Tilting his head and looking at Anne with crazed eyes, Winston chuckled and said, “I have come to know that recently the heir of the Shadow Clan is back on Aris; to make her come out of her rat hole, I need him.”
His laughter was low and unsettling, echoing unnaturally in the cavern.
Anastasia heard that and was filled with frustration and rage. The name struck something deep within her, igniting a storm she could barely contain. “You will die the most gruesome death; I will make sure of that.”
Her voice trembled not with fear, but with fury. This was not the first time she had seen Winston use baits like this; she had been a part of his scheme before, and she knew how vile a mind he had.
Winston just chuckled. “Don’t worry, Anastasia; I will make sure the heads of you, your family, and that heretic shadow born will be hanging on the capital gate for show, just like I did with your husband.”
The words were spoken casually, as if describing something trivial, yet each one carried poison meant to break her. The last line was a lie, but Winston had repeated that lie over the years in front of Anne, making her believe that her man was really dead.
“De…ath…is…” Suddenly, the almost unconscious figure of Anne’s father mumbled something. His voice was faint, barely audible, like a dying ember struggling to remain lit. Anne quieted down while Winston looked at the lifeless man in his hands.
Even in that broken state, his presence carried a quiet weight.
“What?” he looked at him with a frown. Annoyance flickered across Winston’s face, quickly replacing his earlier amusement.
In a grainy and heavily breathy voice, the Patriarch of the Luneia clan spoke, “Death!! I see it in your stars,” while looking Winston straight into his eyes with his dim eyes.
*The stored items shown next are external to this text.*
(* Let $(X,G)$ be a Mustafa–Sims metric space which is perfect, i.e. for each $x\in X$ there is a sequence $(x_n)$ in $X\setminus\{x\}$ that $G$-converges to $x$. Then $G$ is symmetric in the sense that $G(x,y,y)=G(x,x,y)$ for all $x,y\in X$.
   Context: A Mustafa–Sims metric on $X$ is a map $G:X^3\to[0,\infty)$ such that: $G$ is invariant under all permutations of its arguments and $G(x,x,x)=0$; $G(x,x,y)=0$ implies $x=y$; $G(x,x,y)\le G(x,y,z)$ whenever $y\ne z$; and $G(x,y,z)\le G(x,u,u)+G(u,y,z)$ for all $x,y,z,u$. A sequence $(x_n)$ $G$-converges to $x$ if $G(x_m,x_n,x)\to0$ as $m,n\to\infty$. *)

From Stdlib Require Import Reals.
Open Scope R_scope.

Definition is_G_metric {X : Type} (G : X -> X -> X -> R) : Prop :=
  (forall x y z, 0 <= G x y z) /\
  (forall x y z, G x y z = G x z y /\ G x y z = G y x z
                 /\ G x y z = G y z x /\ G x y z = G z x y
                 /\ G x y z = G z y x) /\
  (forall x, G x x x = 0) /\
  (forall x y, G x x y = 0 -> x = y) /\
  (forall x y z, y <> z -> G x x y <= G x y z) /\
  (forall x y z u, G x y z <= G x u u + G u y z).

Definition G_converges {X : Type} (G : X -> X -> X -> R)
  (s : nat -> X) (x : X) : Prop :=
  forall eps, 0 < eps ->
    exists N : nat, forall m n : nat, (N <= m)%nat -> (N <= n)%nat ->
      G (s m) (s n) x < eps.

Definition G_perfect {X : Type} (G : X -> X -> X -> R) : Prop :=
  forall x : X, exists s : nat -> X,
    (forall n, s n <> x) /\ G_converges G s x.

(* If t is G-close to x and t <> x, the axiom G(y,y,t) <= G(y,t,x) lets one
   route G(x,y,y) through t at the price of 3 G(t,t,x):
   G(x,y,y) <= G(x,t,t) + G(y,y,t) <= G(x,t,t) + G(t,x,x) + G(x,x,y),
   with G(t,x,x) <= 2 G(x,t,t).  Perfectness makes G(t,t,x) arbitrarily small,
   so G(x,y,y) <= G(x,x,y), and exchanging x and y gives the reverse. *)

From Stdlib Require Import Reals Lra.
Open Scope R_scope.

Section GMetric.

Variables (X : Type) (G : X -> X -> X -> R).
Hypothesis HG : is_G_metric G.

Lemma G_swap12 (x y z : X) : G x y z = G y x z.
Proof. now destruct HG as [_ [Hperm _]]; destruct (Hperm x y z) as [_ [? _]]. Qed.

Lemma G_swap23 (x y z : X) : G x y z = G x z y.
Proof. now destruct HG as [_ [Hperm _]]; destruct (Hperm x y z). Qed.

Lemma G_swap13 (x y z : X) : G x y z = G z y x.
Proof. now destruct HG as [_ [Hperm _]]; destruct (Hperm x y z) as [_ [_ [_ [_ ?]]]]. Qed.

Lemma G_xxy_le_xyz (x y z : X) : y <> z -> G x x y <= G x y z.
Proof. now destruct HG as [_ [_ [_ [_ [Hle _]]]]]; apply Hle. Qed.

Lemma G_rectangle (x y z u : X) : G x y z <= G x u u + G u y z.
Proof. now destruct HG as [_ [_ [_ [_ [_ Hrect]]]]]. Qed.

Lemma G_xxy_le_2xyy (x y : X) : G x x y <= 2 * G x y y.
Proof.
pose proof (G_rectangle x x y y).
rewrite (G_swap12 y x y) in *; lra.
Qed.

Lemma G_xyy_le_through (x y t : X) :
  t <> x -> G x y y <= 3 * G t t x + G x x y.
Proof.
intros Htx.
pose proof (G_rectangle x y y t) as Hxt.
pose proof (G_xxy_le_xyz y t x Htx) as Hyt.
pose proof (G_rectangle t x y x) as Htxy.
pose proof (G_xxy_le_2xyy x t) as Htx2.
rewrite (G_swap13 t y y), (G_swap12 y t x), (G_swap23 t y x) in *.
rewrite (G_swap13 t x x) in Htxy.
rewrite (G_swap13 x t t) in Hxt, Htx2.
lra.
Qed.

Lemma G_perfect_close_point : G_perfect G ->
  forall (x : X) (eps : R), 0 < eps -> exists t, t <> x /\ G t t x < eps.
Proof.
intros Hperf x eps Heps.
destruct (Hperf x) as [s [Hsx Hconv]].
destruct (Hconv eps Heps) as [N HN].
exists (s N); split; [apply Hsx | now apply HN].
Qed.

Lemma G_perfect_xyy_le_xxy : G_perfect G -> forall x y : X, G x y y <= G x x y.
Proof.
intros Hperf x y.
apply le_epsilon; intros eps Heps.
destruct (G_perfect_close_point Hperf x (eps / 3)) as [t [Htx Ht]]; [lra |].
pose proof (G_xyy_le_through x y t Htx); lra.
Qed.

End GMetric.

Theorem proposition7 (X : Type) (G : X -> X -> X -> R)
  (HG : is_G_metric G) (Hperf : G_perfect G) :
  forall x y : X, G x y y = G x x y.
Proof.
intros x y.
pose proof (G_perfect_xyy_le_xxy X G HG Hperf x y) as Hxy.
pose proof (G_perfect_xyy_le_xxy X G HG Hperf y x) as Hyx.
rewrite (G_swap13 X G HG y x x), (G_swap13 X G HG y y x) in Hyx.
lra.
Qed.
Winston got so irritated that he threw a punch straight at his face, rendering him unconscious. The impact echoed sharply, the sound sickening in its finality.
Looking at her father being hit, Anne shouted, “You coward! If you have the guts, then open my chains, and I will tell you how precious life is.”
Winston left the carvings through the entrance, dragging Anne’s unconscious father with him while ignoring her curses. His figure disappeared slowly into the darkness, leaving behind a suffocating silence.
Every prisoner in the iron hell prison was given small doses of corrosive neurotoxins, making them almost limp and unfunctional. But that was not the case with Anne.
Since Winston had kept her alive under orders from Lux, the light god, to use her as bait for Tamasya to come out of her hiding.
Winston had just kept the rest of them alive to be killed beside Anne. Winston wanted her to witness these deaths of her clan members before dying.
It was a slow, deliberate cruelty designed to break her spirit.
As Winston left, Anne looked at her father’s figure being dragged and broke down into tears under the orange shade of lava. The light flickered across her face, illuminating the tears that streamed down uncontrollably.
Her body trembled, chains rattling softly as her strength faltered. She remained there thinking about what the future held for her; the bracelet in her hands was clenched tighter.
Her sister, her father, and her son were all in danger, and she did not know what to do.